神明只是遮羞布——從護身符到祭改的責任幻象
走在街上,你可能會注意到後照鏡上掛著護身符,廟口有人在燒香祭拜,客廳裡有人自稱能通靈辦事。這些畫面,看似習以為常,卻傳遞同一個訊息:我們的安全、健康、運氣,似乎不取決於自己的行為,而取決於看不見的靈力。護身符掛得越多,彷彿危險就越少;車禍、違規、意外,似乎都能靠符解決。這種邏輯,正是迷信被濫用的縮影,也是責任被外包的開始。
從客廳到大廟:神明與權力的品牌化
很多宮廟的故事,開頭都很樸素。一張神桌、一尊神像、一個自稱「體質特殊」的人,在自家客廳替鄰里「辦事」。一開始不收錢,只收香油;一週一兩天,主打義務服務、積德行善。信徒慢慢多了,客廳不夠用了,於是搬到鐵皮屋,再換成透天厝,最後變成雕梁畫棟、香火鼎盛的大廟。

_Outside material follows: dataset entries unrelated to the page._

Lemma degenerate_bernoulli_diff_coef (lam : R) (beta1 beta2 alpha : nat -> R) (r : R) :
  lam <> 0 -> is_degenerate_bernoulli lam beta1 -> is_degenerate_bernoulli (lam / 2) beta2 ->
  0 < r -> alpha 0%nat = 0 -> is_pseries_on alpha r (fun t => e_lam lam t - 1) ->
  forall n, beta1 n / INR (fact n) - 2 ^ n * (beta2 n / INR (fact n))
            = PS_incr_1 (PS_comp (fun k => (-1) ^ k / 2 ^ S k) alpha) n.
Proof.
  intros Hlam Hb1 Hb2 Hr Ha0 Ha.
  destruct (degenerate_bernoulli_diff_pseries lam beta1 beta2 Hlam Hb1 Hb2) as [rho [Hrho Hd]].
  set (d n := beta1 n / INR (fact n) - 2 ^ n * (beta2 n / INR (fact n))).
  set (e_plus_1 m := 2 * PS_one m + alpha m).
  assert (Hep1 : is_pseries_on e_plus_1 r (fun t => e_lam lam t + 1)).
  { apply is_pseries_on_ext with (fun t => 2 * 1 + (e_lam lam t - 1)); [intros; ring|].
    apply is_pseries_on_plus; [apply is_pseries_on_scal, is_pseries_on_one | exact Ha]. }
  assert (Hmult : forall n, PS_mult e_plus_1 d n = PS_incr_1 PS_one n).
  { apply (is_pseries_coef_unique_punctured _ _ (Rmin r rho) (fun t => t)).
    { now apply Rmin_glb_lt. }
    - intros t [Ht0 Ht]. apply Rlt_Rmin in Ht as [Htr Htrho].
      replace t with ((e_lam lam t + 1) * (t / (e_lam lam t + 1))) at 2
        by (field; pose proof (e_lam_pos lam t); lra).
      apply is_pseries_mult; [now apply Hep1 | now apply Hd |
                              now apply (is_pseries_on_CV_radius _ r _ Hep1) |].
      apply (CV_radius_gt_of_ex_pseries d rho); [|exact Htrho].
      intros s Hs. eexists. now apply Hd.
    - intros t _.
      assert (Ht := is_pseries_incr_1 (V := R_NormedModule) _ t _
                      (is_pseries_on_one (Rabs t + 1) t ltac:(lra))).
      change (scal t 1) with (t * 1) in Ht. now rewrite Rmult_1_r in Ht. }
  apply (PS_mult_cancel_l e_plus_1).
  - unfold e_plus_1. rewrite Ha0. simpl. lra.
  - intros n. rewrite Hmult, PS_mult_incr_1_r.
    destruct n as [|n]; [reflexivity|]. symmetry. apply PS_mult_inv_comp; [lra | exact Ha0].
Qed.

Theorem theorem12 (lam : R) (Hlam : lam <> 0)
  (bel : nat -> R -> R) (beta1 beta2 : nat -> R)
  (Hbel : is_degenerate_bell lam bel)
  (Hb1 : is_degenerate_bernoulli lam beta1)
  (Hb2 : is_degenerate_bernoulli (lam / 2) beta2)
  (n : nat) :
  is_RInt_gen (fun x => exp (-2 * x) * bel n (- x))
    (at_point 0) (Rbar_locally p_infty)
    ((beta1 (S n) - 2 ^ (S n) * beta2 (S n)) / INR (S n)).
Proof.
  destruct (degenerate_bell_e_lam_pseries lam bel Hlam Hbel) as [alpha [r [Hr [Ha0 Ha]]]].
  assert (Hbell := degenerate_bell_coef lam bel alpha r Hbel Hr Ha0 Ha).
  assert (Hbern :=
    degenerate_bernoulli_diff_coef lam beta1 beta2 alpha r Hlam Hb1 Hb2 Hr Ha0 Ha (S n)).
  cbn [PS_incr_1] in Hbern.
  assert (Hfact : INR (fact n) <> 0) by apply INR_fact_neq_0.
  assert (HSn : INR (S n) <> 0) by (apply not_0_INR; lia).
  replace ((beta1 (S n) - 2 ^ S n * beta2 (S n)) / INR (S n))
    with (INR (fact n) * PS_comp (fun k => (-1) ^ k / 2 ^ S k) alpha n)
    by (rewrite <- Hbern, fact_simpl, mult_INR; field; auto).
  assert (Hpt : forall x,
    INR (fact n) * (exp (- 2 * x) * PS_comp (fun k => (- x) ^ k / INR (fact k)) alpha n)
    = exp (-2 * x) * bel n (- x)).
  { intros x. rewrite <- (Hbell (- x) n). field. exact Hfact. }
  apply (is_RInt_gen_ext (fun x =>
    INR (fact n) * (exp (- 2 * x) * PS_comp (fun k => (- x) ^ k / INR (fact k)) alpha n))).
  - apply filter_forall. intros ab x _. apply Hpt.
  - exact (is_RInt_gen_scal (Fa := at_point 0) (Fb := Rbar_locally p_infty) _ _ _
             (is_RInt_gen_exp_neg_mul_exp_comp 2 alpha n ltac:(lra))).
Qed.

這個過程常被包裝成「神蹟顯化」,但實際上,更像是一場精密的恐懼行銷與群眾募資。信徒不是因為日子過得好才來,而是因為人生卡關、身體出狀況、家人出事。當恐懼被反覆強調,「不處理會更慘」成為固定話術,錢自然流進來。神明,在這裡更像品牌,而非信仰。
披著神意的非法醫療
更值得警惕的,是那些踩進法律紅線的行為。不少乩童或神棍毫無醫學背景,卻敢在神桌前替人「看病」、開藥,甚至兜售來路不明的「神丹」「聖藥」,聲稱經神明加持。這在法律上沒有灰色地帶——沒有醫師資格卻從事醫療行為,就是違法。
問題不只是騙錢,更直接關乎生命安全。基本藥理、劑量、交互作用都不了解的人,指導病人用藥,後果可能致命。雕梁畫棟無法讓非法行醫合法,香火鼎盛也不會讓詐騙變高尚。
祭改與改運:責任的化妝術
「祭改」「消災」「解厄」,這些名目本質上是典型詐騙包裝。操作模式高度一致:先放大恐懼,告訴你問題很嚴重;再提出解法,但需「誠意」;最後把誠意換算成金額,通常不低。
更重要的是,迷信從不要求你面對自己:法律專業人士會問你,事情怎麼發生的?你做了什麼?你願不願意承擔後果?而迷信只會告訴你,是冤親債主、氣場不對、流年不利。責任被轉包給看不見的東西,錯誤被包裝成運勢,違法被美化成命數。透過燒紙、念咒、祭改,你可以把「該反省、該賠償、該面對」的問題,變成「再花一筆錢就能解決」。
「官符」與迷信:逃避法律的廉價藉口
「你最近是不是卡官符?」這句話背後,是同樣的心理邏輯:行為造成的後果,被外在神秘力量解釋為命運。官司不是抽籤抽到的,而是你做了什麼,法律就回應什麼。說謊、詐欺、侵權、違約、動手——行得正的人不怕法律,觸碰紅線的人才被抓。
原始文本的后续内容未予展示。